# Project 2: Movie Recommendation System

This notebook demonstrates how to build a simple item-based collaborative filtering recommendation system. We will use the MovieLens 100k dataset to recommend movies similar to a given movie.

In [None]:
import pandas as pd
import numpy as np
import matplotlib.pyplot as plt
import seaborn as sns

sns.set_style('whitegrid')

## 1. Load and Prepare the Data

First, we load the `u.data` file, which contains user ratings, and the `u.item` file, which contains movie information. Make sure these files are in a `data/` subdirectory.

In [None]:
try:
    # Define column names for the ratings data
    r_cols = ['user_id', 'item_id', 'rating', 'timestamp']
    ratings = pd.read_csv('data/u.data', sep='\t', names=r_cols, encoding='latin-1')

    # Define column names for the movie titles data
    m_cols = ['item_id', 'title'] + [f'col{i}' for i in range(22)]
    movies = pd.read_csv('data/u.item', sep='|', names=m_cols, usecols=['item_id', 'title'], encoding='latin-1')

    # Merge the two dataframes
    df = pd.merge(ratings, movies, on='item_id')
    print("Data loaded successfully.")
    print(df.head())

except FileNotFoundError:
    print("Data files not found. Please download the dataset and place them in the 'data/' directory as specified in the README.")

## 2. Exploratory Data Analysis (EDA)

Let's explore the data to see which movies have the most ratings and what the distribution of ratings looks like.

In [None]:
# Calculate mean rating and number of ratings for each movie
movie_stats = df.groupby('title').agg(mean_rating=('rating', 'mean'),
                                     num_of_ratings=('rating', 'count')).reset_index()

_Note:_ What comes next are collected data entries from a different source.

Lemma sqr_norm_le_dotpp u : `|u| ^+ 2 <= dotp u u.
Proof.
have [->|u0] := eqVneq u 0; first by rewrite normr0 expr0n dotp0r.
have [i ->] := norm_attained u0.
rewrite dotpE (bigD1 i) //= real_normK ?num_real // -expr2 lerDl.
by rewrite sumr_ge0 // => j _; rewrite -expr2 sqr_ge0.
Qed.

Lemma norm_dotp_le u v : `|dotp u v| <= (\sum_i `|u 0 i|) * `|v|.
Proof.
rewrite dotpE mulr_suml (le_trans (ler_norm_sum _ _ _)) // ler_sum // => i _.
by rewrite normrM ler_wpM2l // coord_le_norm.
Qed.

End DotProduct.

Lemma dotp_mulmx (R : realType) m n (w : 'rV[R]_n) (J : 'M[R]_(m, n)) u :
  dotp w (u *m J) = dotp (w *m J^T) u.
Proof. by rewrite /dotp trmx_mul mulmxA. Qed.

Section TangentCone.
Variables (R : realType) (n : nat).
Implicit Types (A : set 'rV[R]_n) (z w : 'rV[R]_n).

Lemma tangent_coneP A z w : tangent_cone A z w <->
  (forall e del : R, 0 < e -> 0 < del ->
     exists t v, [/\ 0 < t, t < del, `|v - w| < e & A (z + t *: v)]).
Proof.
split=> [[t [wk [t0 [t_cvg [wk_cvg Awk]]]]] e del e0 del0|approx].
  move/cvgrPdist_lt : t_cvg => /(_ _ del0) t_near.
  move/cvgrPdist_lt : wk_cvg => /(_ _ e0) wk_near.
  have [k [tk wk']] := filter_ex (filterI t_near wk_near).
  exists (t k), (wk k); split => //; last by rewrite distrC.
  by move: tk; rewrite sub0r normrN gtr0_norm.
have approx_k (k : nat) : exists tv : R * 'rV[R]_n, [/\ 0 < tv.1, tv.1 < k.+1%:R^-1,
    `|tv.2 - w| < k.+1%:R^-1 & A (z + tv.1 *: tv.2)].
  have k0 : 0 < k.+1%:R^-1 :> R by rewrite invr_gt0 ltr0n.
  by have [t [v [? ? ? ?]]] := approx _ _ k0 k0; exists (t, v).
pose tv k := proj1_sig (cid (approx_k k)).
have tvP k := proj2_sig (cid (approx_k k)).
exists (fun k => (tv k).1), (fun k => (tv k).2); split; last split; last split.
- by move=> k; have [] := tvP k.
- apply/cvgrPdist_lt => e e0; near=> k.
  have [t0 t_lt _ _] := tvP k.
  rewrite sub0r normrN gtr0_norm // (lt_trans t_lt) //.
  by near: k; exact: near_infty_natSinv_lt (PosNum e0).
- apply/cvgrPdist_lt => e e0; near=> k.
  have [_ _ v_lt _] := tvP k.
  rewrite distrC (lt_trans v_lt) //.
  by near: k; exact: near_infty_natSinv_lt (PosNum e0).
- by move=> k; have [] := tvP k.
Unshelve. all: by end_near.
Qed.
(* In the setting described in the context, if either ($0<v_0<1$ and $\omega_0<-\frac{\nu}{2}f_\infty(v_0)$) or ($v_0>1$ and $\omega_0>-\frac{\nu}{2}f_\infty(v_0)$), then type B blowup occurs.
   Context: Fix $\nu>0$, $v_0>0$ with $v_0\neq1$, and $\omega_0\in\mathbb{R}$. Consider the real ODE system $\frac{d\omega_{-2,i}}{dt}=\omega_{-2,i}^2\frac{1-2v_c^2+5v_c^4}{4v_c^2(1-v_c^2)^2}-\nu\omega_{-2,i}$, $\frac{dv_c}{dt}=-\omega_{-2,i}\frac{1+v_c^2}{4v_c(1-v_c^2)}$ with $v_c(0)=v_0$, $\omega_{-2,i}(0)=\omega_0$; its solution (continued through $v_c=1$) is characterized as follows. Let $F(v)=\frac{v(v^2-1)}{(v^2+1)^2}+\arctan v$, which is a strictly increasing bijection from $(0,\infty)$ onto $(0,\pi/2)$, and let $G(t)=F(v_0)+\frac{2\omega_0 v_0(1-e^{-\nu t})}{\nu(v_0^2-1)(v_0^2+1)^2}$. Then $v_c(t)$ is defined by $F(v_c(t))=G(t)$ for as long as $G(t)\in(0,\pi/2)$, and $\omega_{-2,i}(t)=\omega_0e^{-\nu t}\frac{v_0}{v_c(t)}\frac{v_c(t)^2-1}{v_0^2-1}\left(\frac{v_c(t)^2+1}{v_0^2+1}\right)^2$. Type A blowup means: there is a finite $t_c>0$ with $v_c(t)>0$ on $[0,t_c)$ and $v_c(t)\to0^+$ as $t\to t_c^-$. Type B blowup means: there is a finite $t_c>0$ with $v_c(t)\in(0,\infty)$ on $[0,t_c)$ and $v_c(t)\to+\infty$ as $t\to t_c^-$. Here $f_0(x)=(x^2-1)^2+\frac{(x^2+1)^2}{x}(x^2-1)\arctan(x)$ and $f_\infty(x)=(x^2-1)^2+\frac{(x^2+1)^2}{x}(x^2-1)\left(\arctan(x)-\frac{\pi}{2}\right)$ for $x>0$. *)

From Stdlib Require Import Reals Lra.
From Coquelicot Require Import Coquelicot.
Open Scope R_scope.

Definition Fv (v : R) : R :=
  v * (v ^ 2 - 1) / (v ^ 2 + 1) ^ 2 + atan v.

Definition Gt (nu v0 w0 t : R) : R :=
  Fv v0 + 2 * w0 * v0 * (1 - exp (- nu * t))
          / (nu * (v0 ^ 2 - 1) * (v0 ^ 2 + 1) ^ 2).

Definition f_inf (x : R) : R :=
  (x ^ 2 - 1) ^ 2 + (x ^ 2 + 1) ^ 2 / x * (x ^ 2 - 1) * (atan x - PI / 2).

Definition is_vc (nu v0 w0 : R) (vc : R -> R) : Prop :=
  forall t, 0 <= t -> 0 < Gt nu v0 w0 t < PI / 2 ->
    0 < vc t /\ Fv (vc t) = Gt nu v0 w0 t.

(* Type B blowup: finite tc > 0, v_c(t) in (0,oo) (i.e. defined) on [0,tc),
   and v_c(t) -> +oo as t -> tc^- . *)
Definition typeB_blowup (nu v0 w0 : R) (vc : R -> R) : Prop :=
  exists tc, 0 < tc /\
    (forall t, 0 <= t < tc -> 0 < Gt nu v0 w0 t < PI / 2 /\ 0 < vc t) /\
    filterlim vc (at_left tc) (Rbar_locally p_infty).

(** [G] is the saturating exponential [F(v0) + A (1 - e^{-nu t})] whose amplitude [A] is
    computed in [Gamp]; the hypotheses on [w0] say exactly that [F(v0) + A > pi/2].  Hence
    [G] increases through [pi/2] at a finite time [tc], and since [F] is an increasing
    bijection of [(0, oo)] onto [(0, pi/2)], the relation [F(v_c(t)) = G(t)] forces
    [v_c(t) -> +oo] as [t -> tc^-]. *)

From Stdlib Require Import Reals Lra.
From Coquelicot Require Import Coquelicot.
Open Scope R_scope.

Lemma is_derive_Fv x : is_derive Fv x (8 * x ^ 2 / (x ^ 2 + 1) ^ 3).
Proof.
  assert (Hrat : is_derive (fun v => v * (v ^ 2 - 1) / (v ^ 2 + 1) ^ 2) x
                   ((- x ^ 4 + 6 * x ^ 2 - 1) / (x ^ 2 + 1) ^ 3)).
  { auto_derive; [nra | field; nra]. }
  replace (8 * x ^ 2 / (x ^ 2 + 1) ^ 3)
    with ((- x ^ 4 + 6 * x ^ 2 - 1) / (x ^ 2 + 1) ^ 3 + / (1 + x²))
    by (unfold Rsqr; field; nra).
  exact (is_derive_plus _ _ x _ _ Hrat (is_derive_atan x)).
Qed.

Lemma Fv_increasing a b : 0 < a -> a < b -> Fv a < Fv b.
Proof.
  intros Ha Hab.
  apply (incr_function Fv (Finite 0) p_infty (fun x => 8 * x ^ 2 / (x ^ 2 + 1) ^ 3));
    try (simpl; lra).
  - intros x _ _. apply is_derive_Fv.
  - intros x Hx _. simpl in Hx. apply Rdiv_lt_0_compat; [nra | apply pow_lt; nra].
Qed.

Lemma Fv_lt_inv a b : 0 < a -> 0 < b -> Fv a < Fv b -> a < b.
Proof.
  intros Ha Hb HF. destruct (Rlt_le_dec a b) as [Hab | Hba]; [exact Hab |].
  destruct (Rle_lt_or_eq_dec _ _ Hba) as [Hlt | ->]; [| lra].
  assert (Fv b < Fv a) by (apply Fv_increasing; lra). lra.
Qed.

Lemma Fv_nonneg v : 0 <= v -> 0 <= Fv v.
Proof.
  intros Hv.
  assert (HF0 : Fv 0 = 0) by (unfold Fv; rewrite atan_0; field).
  destruct (MVT_gen Fv 0 v (fun x => 8 * x ^ 2 / (x ^ 2 + 1) ^ 3)) as [c [_ Hc]].
  - intros x _. apply is_derive_Fv.
  - intros x _. apply continuity_pt_filterlim.
    apply (ex_derive_continuous Fv x). eexists. apply is_derive_Fv.
  - assert (Hd : 0 <= 8 * c ^ 2 / (c ^ 2 + 1) ^ 3).
    { apply Rmult_le_pos; [nra | apply Rlt_le, Rinv_0_lt_compat, pow_lt; nra]. }
    rewrite HF0 in Hc. nra.
Qed.

Lemma Fv_pos v : 0 < v -> 0 < Fv v.
Proof.
  intros Hv.
  assert (0 <= Fv (v / 2)) by (apply Fv_nonneg; lra).
  assert (Fv (v / 2) < Fv v) by (apply Fv_increasing; lra).
  lra.
Qed.

(* [atan (1/v) = pi/2 - atan v] for [v > 0], and the rational part of [F] is odd under [v -> 1/v]. *)
Lemma Fv_add_inv v : 0 < v -> Fv v + Fv (/ v) = PI / 2.
Proof. intros Hv. unfold Fv. rewrite atan_inv by exact Hv. field. split; nra. Qed.

Lemma Fv_lt_pi2 v : 0 < v -> Fv v < PI / 2.
Proof.
  intros Hv. rewrite <- (Fv_add_inv v Hv).
  assert (0 < Fv (/ v)) by apply Fv_pos, Rinv_0_lt_compat, Hv.
  lra.
Qed.

Lemma filterlim_Fv_inv_pinfty (vc g : R -> R) (tc : R) :
  at_left tc (fun t => 0 < vc t /\ Fv (vc t) = g t) ->
  filterlim g (at_left tc) (locally (PI / 2)) ->
  filterlim vc (at_left tc) (Rbar_locally p_infty).
Proof.
  intros Hvc Hg P [M HM].
  set (M' := Rmax M 1).
  assert (HM' : 0 < M') by (apply Rlt_le_trans with 1; [lra | apply Rmax_r]).
  assert (Hgap : 0 < PI / 2 - Fv M') by (generalize (Fv_lt_pi2 M' HM'); lra).
  assert (Hnear := proj1 (filterlim_locally g (PI / 2)) Hg (mkposreal _ Hgap)).
  unfold filtermap. eapply filter_imp; [| exact (filter_and _ _ Hvc Hnear)].
  intros t [[Hpos HF] Hball].
  apply Rabs_lt_between in Hball. unfold minus, plus, opp in Hball. simpl in Hball.
  apply HM, Rle_lt_trans with M'; [apply Rmax_l |].
  apply Fv_lt_inv; [exact HM' | exact Hpos | rewrite HF; lra].
Qed.

Lemma exp_saturation_crossing (b c L nu : R) :
  0 < nu -> b < L < b + c ->
  exists tc, 0 < tc /\
    (forall t, 0 <= t < tc -> b <= b + c * (1 - exp (- nu * t)) < L) /\
    filterlim (fun t => b + c * (1 - exp (- nu * t))) (at_left tc) (locally L).
Proof.
  intros Hnu [HbL HLc].
  set (h := fun t => b + c * (1 - exp (- nu * t))).
  set (r := (L - b) / c).
  assert (Hr : 0 < r < 1).
  { unfold r. split; [apply Rdiv_lt_0_compat; lra |].
    apply Rlt_div_l; lra. }
  set (tc := - ln (1 - r) / nu).
  assert (Hln : ln (1 - r) < 0) by (rewrite <- ln_1; apply ln_increasing; lra).
  assert (Hexp_tc : exp (- nu * tc) = 1 - r).
  { unfold tc. replace (- nu * (- ln (1 - r) / nu)) with (ln (1 - r)) by (field; lra).
    apply exp_ln; lra. }
  assert (Hh_tc : h tc = L) by (unfold h; rewrite Hexp_tc; unfold r; field; lra).
  exists tc. split; [apply Rdiv_lt_0_compat; lra | split].
  - intros t [Ht0 Httc].
    assert (Hle1 : exp (- nu * t) <= 1).
    { rewrite <- exp_0. destruct (Rle_lt_or_eq_dec _ _ Ht0) as [Hpos | <-].
      - apply Rlt_le, exp_increasing. nra.
      - rewrite Rmult_0_r. lra. }
    assert (Hlt : exp (- nu * tc) < exp (- nu * t)) by (apply exp_increasing; nra).
    fold (h t). rewrite <- Hh_tc. unfold h. split; nra.
  - rewrite <- Hh_tc.
    apply (filterlim_filter_le_1 _ (@filter_le_within _ (locally tc) _ (fun u => u < tc))).
    apply (ex_derive_continuous h). unfold h. auto_derive. auto.
Qed.

Definition Gamp (nu v0 w0 : R) : R :=
  2 * w0 * v0 / (nu * (v0 ^ 2 - 1) * (v0 ^ 2 + 1) ^ 2).

Lemma Gt_Gamp nu v0 w0 t :
  Gt nu v0 w0 t = Fv v0 + Gamp nu v0 w0 * (1 - exp (- nu * t)).
Proof. unfold Gt, Gamp, Rdiv. ring. Qed.

Lemma f_inf_Fv x : 0 < x ->
  x * f_inf x = (x ^ 2 - 1) * (x ^ 2 + 1) ^ 2 * (Fv x - PI / 2).
Proof. intros Hx. unfold f_inf, Fv. field. split; nra. Qed.

(* Both alternatives say [D (2 w0 v0 - nu D (pi/2 - F(v0))) > 0] with [D = (v0^2-1)(v0^2+1)^2]. *)
Lemma Gamp_gt nu v0 w0 : 0 < nu ->
  (0 < v0 < 1 /\ w0 < - (nu / 2) * f_inf v0) \/
  (1 < v0 /\ w0 > - (nu / 2) * f_inf v0) ->
  PI / 2 - Fv v0 < Gamp nu v0 w0.
Proof.
  intros Hnu Hcase.
  assert (Hv0 : 0 < v0) by (destruct Hcase as [[[? _] _] | [? _]]; lra).
  set (D := (v0 ^ 2 - 1) * (v0 ^ 2 + 1) ^ 2).
  assert (HF := f_inf_Fv v0 Hv0). fold D in HF.
  assert (Hsq : 0 < (v0 ^ 2 + 1) ^ 2) by (apply pow_lt; nra).
  assert (Hsign : 0 < D * (2 * w0 * v0 - nu * D * (PI / 2 - Fv v0))).
  { destruct Hcase as [[Hv Hw] | [Hv Hw]].
    - assert (HD : D < 0).
      { assert (v0 ^ 2 - 1 < 0) by nra. unfold D. nra. }
      assert (Hw' : 2 * w0 * v0 < - nu * (v0 * f_inf v0)) by nra.
      rewrite HF in Hw'. nra.
    - assert (HD : 0 < D).
      { assert (0 < v0 ^ 2 - 1) by nra. unfold D. nra. }
      assert (Hw' : 2 * w0 * v0 > - nu * (v0 * f_inf v0)) by nra.
      rewrite HF in Hw'. nra. }
  assert (HD0 : D <> 0) by (intros HD; rewrite HD in Hsign; lra).
  assert (HA : Gamp nu v0 w0 * (nu * D) = 2 * w0 * v0).
  { assert (Hv1 : v0 ^ 2 - 1 <> 0) by (intros Hz; apply HD0; unfold D; rewrite Hz; ring).
    unfold Gamp, D. field. repeat split; [nra | exact Hv1 | lra]. }
  rewrite <- HA in Hsign.
  replace (D * (Gamp nu v0 w0 * (nu * D) - nu * D * (PI / 2 - Fv v0)))
    with ((nu * (D * D)) * (Gamp nu v0 w0 - (PI / 2 - Fv v0))) in Hsign by ring.
  assert (HD2 : 0 < nu * (D * D)) by (apply Rmult_lt_0_compat; [lra | nra]).
  rewrite <- (Rmult_0_r (nu * (D * D))) in Hsign.
  apply Rmult_lt_reg_l in Hsign; [lra | exact HD2].
Qed.

Theorem lemma3p6 (nu v0 w0 : R) (vc : R -> R) :
  0 < nu -> 0 < v0 -> v0 <> 1 ->
  is_vc nu v0 w0 vc ->
  ((0 < v0 < 1 /\ w0 < - (nu / 2) * f_inf v0) \/
   (1 < v0 /\ w0 > - (nu / 2) * f_inf v0)) ->
  typeB_blowup nu v0 w0 vc.
Proof.
  intros Hnu Hv0 _ Hvc Hcase.
  assert (HF0 := Fv_pos v0 Hv0).
  assert (Hcross : Fv v0 < PI / 2 < Fv v0 + Gamp nu v0 w0).
  { generalize (Fv_lt_pi2 v0 Hv0) (Gamp_gt nu v0 w0 Hnu Hcase). lra. }
  destruct (exp_saturation_crossing _ _ _ _ Hnu Hcross) as [tc [Htc [HGbounds HGlim]]].
  assert (HG : forall t, 0 <= t < tc -> 0 < Gt nu v0 w0 t < PI / 2).
  { intros t Ht. rewrite Gt_Gamp. generalize (HGbounds t Ht). lra. }
  exists tc. split; [exact Htc | split].
  - intros t Ht. split; [exact (HG t Ht) | exact (proj1 (Hvc t (proj1 Ht) (HG t Ht)))].
  - apply (filterlim_Fv_inv_pinfty vc (Gt nu v0 w0)).
    + exists (mkposreal tc Htc). intros t Hball Ht.
      apply Rabs_lt_between in Hball. unfold minus, plus, opp in Hball. simpl in Hball.
      apply Hvc; [lra | apply HG; lra].
    + eapply filterlim_ext; [| exact HGlim]. intros t. symmetry. apply Gt_Gamp.
Qed.
(* Fix integers $m\ge d\ge1$, $\lambda=d/m$, and $\sigma>0$. Let $p_1,p_2,\dots$ be monic polynomials of degree $d$, $p_i(x)=\prod_{j=1}^d(x-r_{i,j}^2)$ with $r_{i,j}$ real, such that $\frac1d\sum_jr_{i,j}^2=\sigma^2$ for all $i$. For $N\ge1$ let $P_N=p_1\boxplus_{d,\lambda}\cdots\boxplus_{d,\lambda}p_N$ and let $\widetilde P_N$ be the monic polynomial of degree $2d$ whose roots are the roots of $\mathbb{S}P_N$ multiplied by $1/\sqrt N$. Then, as $N\to\infty$, $\widetilde P_N$ converges coefficientwise to the monic polynomial whose roots are those of $x\mapsto L_d^{(m-d)}\!\big(\tfrac{m x^2}{\sigma^2}\big)$.
   Context: $(p\boxplus_{d,\lambda}q)(x)=\sum_{k=0}^dx^{d-k}(-1)^k\sum_{i+j=k}\frac{(d-i)!(d-j)!}{d!(d-k)!}\frac{(m-i)!(m-j)!}{m!(m-k)!}a_ib_j$ for $p=\sum(-1)^ia_ix^{d-i}$, $q=\sum(-1)^ib_ix^{d-i}$; associative, bilinear, preserves monic polynomials with nonnegative roots. $\mathbb{S}P(x)=P(x^2)$. Generalized Laguerre polynomial: $L_d^{(\alpha)}(x)=\sum_{i=0}^d\binom{d+\alpha}{d-i}\frac{(-x)^i}{i!}$. *)

From HB Require Import structures.
From mathcomp Require Import all_boot all_order all_algebra.
From mathcomp Require Import all_classical all_reals all_analysis.
Set Implicit Arguments. Unset Strict Implicit. Unset Printing Implicit Defensive.
Import Order.TTheory GRing.Theory Num.Theory.
Local Open Scope ring_scope.

Section Defs.
Variable R : realType.

Definition ecoef (d : nat) (p : {poly R}) (i : nat) : R := (-1) ^+ i * p`_(d - i).

(* rectangular finite free convolution  p [+]_{d, d/m} q *)
Definition rconv (d m : nat) (p q : {poly R}) : {poly R} :=
  \sum_(k < d.+1)
    ((-1) ^+ k *
     \sum_(i < k.+1)
       (((d - i)`! * (d - (k - i))`!)%:R / ((d`! * (d - k)`!)%:R) *
        (((m - i)`! * (m - (k - i))`!)%:R / ((m`! * (m - k)`!)%:R)) *
        ecoef d p i * ecoef d q (k - i))) *: 'X^(d - k).

Fixpoint convN (d m : nat) (p : nat -> {poly R}) (n : nat) : {poly R} :=
  match n with
  | 0 => p 0%N
  | n'.+1 => rconv d m (convN d m p n') (p n)
  end.

Definition Sop (P : {poly R}) : {poly R} := P \Po 'X^2.

(* monic-preserving dilation: roots of Q multiplied by c (c <> 0) *)
Definition dilate (c : R) (Q : {poly R}) : {poly R} :=
  c ^+ (size Q).-1 *: (Q \Po (c^-1 *: 'X)).

(* P~_N : roots of S P_N multiplied by 1/sqrt N, with P_N = p_1 [+] ... [+] p_N
   (here p_1, ..., p_N are p 0, ..., p (N-1)) *)
Definition Ptilde (d m : nat) (p : nat -> {poly R}) (N : nat) : {poly R} :=
  dilate (Num.sqrt (N%:R))^-1 (Sop (convN d m p N.-1)).

Definition laguerre (d alpha : nat) : {poly R} :=
  \sum_(i < d.+1) ('C(d + alpha, d - i)%:R * (-1) ^+ i / (i`!)%:R) *: 'X^i.

Definition lag_target (d m : nat) (sigma : R) : {poly R} :=
  let Q := laguerre d (m - d) \Po ((m%:R / sigma ^+ 2) *: 'X^2) in
  (lead_coef Q)^-1 *: Q.

End Defs.

From Pilot Require Import Defs.
From HB Require Import structures.
From mathcomp Require Import all_boot all_order all_algebra.
From mathcomp Require Import all_classical all_reals all_analysis.
From mathcomp Require Import ring lra zify.
Set Implicit Arguments. Unset Strict Implicit. Unset Printing Implicit Defensive.
Import Order.TTheory GRing.Theory Num.Theory numFieldNormedType.Exports.
Local Open Scope classical_set_scope.
Local Open Scope ring_scope.

(* Weighting the coefficients as w_k a_k with w_k = (d-k)!(m-k)!/(d!m!) turns
   the convolution [+]_{d,lambda} into multiplication of the truncated
   generating functions sum_k w_k a_k t^k.  Each p_i contributes
   1 + (sigma^2/m) t + O(t^2) with uniformly bounded coefficients, so the k-th
   weighted coefficient of P_N is (sigma^2 N/m)^k / k! + O(N^(k-1)), as for
   exp(sigma^2 N t/m).  Shrinking the roots of S P_N by sqrt N divides the
   coefficient of x^(2j) by N^(d-j), and the limits are the coefficients of
   the monic L_d^(m-d)(m x^2/sigma^2). *)

Section ElementaryBounds.
Variable R : realFieldType.

Lemma le_growth_of_increments (u : nat -> R) (A K0 : R) (j : nat) :
  0 <= A -> 0 <= K0 -> u 0%N <= A ->
  (forall n, u n.+1 <= u n + K0 * n.+1%:R ^+ j) ->
  forall n, u n <= (A + K0) * n.+1%:R ^+ j.+1.
Proof.
move=> A_ge0 K0_ge0 u0 incr; elim=> [|n IH]; first by rewrite expr1n mulr1; lra.
apply: le_trans (incr n) _.
set N : R := n.+1%:R; have N_ge0 : 0 <= N by rewrite ler0n.
have -> : n.+2%:R = N + 1 :> R by rewrite /N natr1.
have le_pow : N ^+ j <= (N + 1) ^+ j by rewrite lerXn2r ?nnegrE //; lra.
have pow_ge0 : 0 <= N ^+ j by rewrite exprn_ge0.
move: IH; rewrite !exprS -/N => IH.
have : 0 <= (A + K0) * (N + 1) * ((N + 1) ^+ j - N ^+ j).
  by rewrite !mulr_ge0 //; lra.
nra.
Qed.

Lemma binomial_remainder_bound (k : nat) : exists2 c : R, 0 <= c &
  forall x : R, 1 <= x ->
  `|(x + 1) ^+ k.+2 - x ^+ k.+2 - k.+2%:R * x ^+ k.+1| <= c * x ^+ k.
Proof.
elim: k => [|k [c c_ge0 IH]].
  exists 1 => // x _.
  have -> : (x + 1) ^+ 2 - x ^+ 2 - 2%:R * x ^+ 1 = 1 by rewrite -(natr1 1); ring.
  by rewrite normr1 expr0 mulr1.
exists (2 * c + k.+2%:R) => [|x x_ge1]; first by rewrite addr_ge0 ?mulr_ge0.
set e := (x + 1) ^+ k.+2 - x ^+ k.+2 - k.+2%:R * x ^+ k.+1.
have -> : (x + 1) ^+ k.+3 - x ^+ k.+3 - k.+3%:R * x ^+ k.+2 =
    (x + 1) * e + k.+2%:R * x ^+ k.+1 by rewrite /e -(natr1 k.+2) !exprS; ring.
have xk_ge0 : 0 <= x ^+ k by rewrite exprn_ge0 //; lra.
apply: le_trans (ler_normD _ _) _.
rewrite normrM (ger0_norm (_ : 0 <= x + 1)); last lra.
rewrite [`|_ * x ^+ k.+1|]ger0_norm; last by rewrite mulr_ge0 ?exprn_ge0 //; lra.
have : (x + 1) * `|e| <= (2 * x) * (c * x ^+ k).
  by apply: ler_pM; rewrite ?normr_ge0 ?IH //; lra.
have : (2 * x) * (c * x ^+ k) + k.+2%:R * x ^+ k.+1 = (2 * c + k.+2%:R) * x ^+ k.+1.
  by rewrite exprS; ring.
lra.
Qed.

print("Top 5 movies by number of ratings:")
print(movie_stats.sort_values('num_of_ratings', ascending=False).head())

In [None]:
# Plot histograms of rating distributions
plt.figure(figsize=(12, 5))

plt.subplot(1, 2, 1)
sns.histplot(movie_stats['num_of_ratings'], bins=70)
plt.title('Distribution of Number of Ratings per Movie')

plt.subplot(1, 2, 2)
sns.histplot(movie_stats['mean_rating'], bins=70)
plt.title('Distribution of Mean Ratings per Movie')

plt.tight_layout()
plt.show()

## 3. Building the Item-Based Collaborative Filter

Now we'll create a user-item matrix, which shows the rating given by each user to each movie. We will then use this matrix to compute the correlation between movies based on user ratings.

In [None]:
# Create the user-item matrix
user_movie_matrix = df.pivot_table(index='user_id', columns='title', values='rating')

print("User-Item Matrix preview:")
print(user_movie_matrix.head())

In [None]:
# Choose a movie to get recommendations for
movie_to_recommend = 'Star Wars (1977)'

# Get the ratings for the chosen movie
target_movie_ratings = user_movie_matrix[movie_to_recommend]

# Compute the correlation with other movies
similar_movies = user_movie_matrix.corrwith(target_movie_ratings)

# Create a dataframe of the results
corr_df = pd.DataFrame(similar_movies, columns=['Correlation'])
corr_df.dropna(inplace=True)

print(f"Correlations with '{movie_to_recommend}':")
print(corr_df.head())

## 4. Generating Recommendations

To improve the quality of our recommendations, we'll filter out movies that have a low number of ratings. A movie might have a high correlation just because one or two people who rated both gave them similar scores. We'll set a threshold for the number of ratings to ensure statistical significance.

In [None]:
# Join the correlation data with the movie stats (which includes num_of_ratings)
corr_df = corr_df.join(movie_stats.set_index('title'))

# Filter out movies with fewer than 100 ratings
recommendations = corr_df[corr_df['num_of_ratings'] > 100].sort_values('Correlation', ascending=False)

print(f"Top recommendations for '{movie_to_recommend}':")
# Exclude the movie itself from the recommendations
print(recommendations.iloc[1:].head())

## 5. Conclusion

This notebook demonstrated a basic item-based collaborative filtering approach. The recommendations seem reasonable, with other popular sci-fi movies appearing at the top of the list for 'Star Wars'.

### Potential Next Steps

- **Experiment with Thresholds:** Try different values for the minimum number of ratings to see how it affects recommendation quality.
- **Try Different Similarity Metrics:** Use other metrics like cosine similarity instead of Pearson correlation.
- **Implement Model-Based Approaches:** Explore more advanced techniques like Matrix Factorization (e.g., Singular Value Decomposition - SVD) which can often yield better and more personalized results.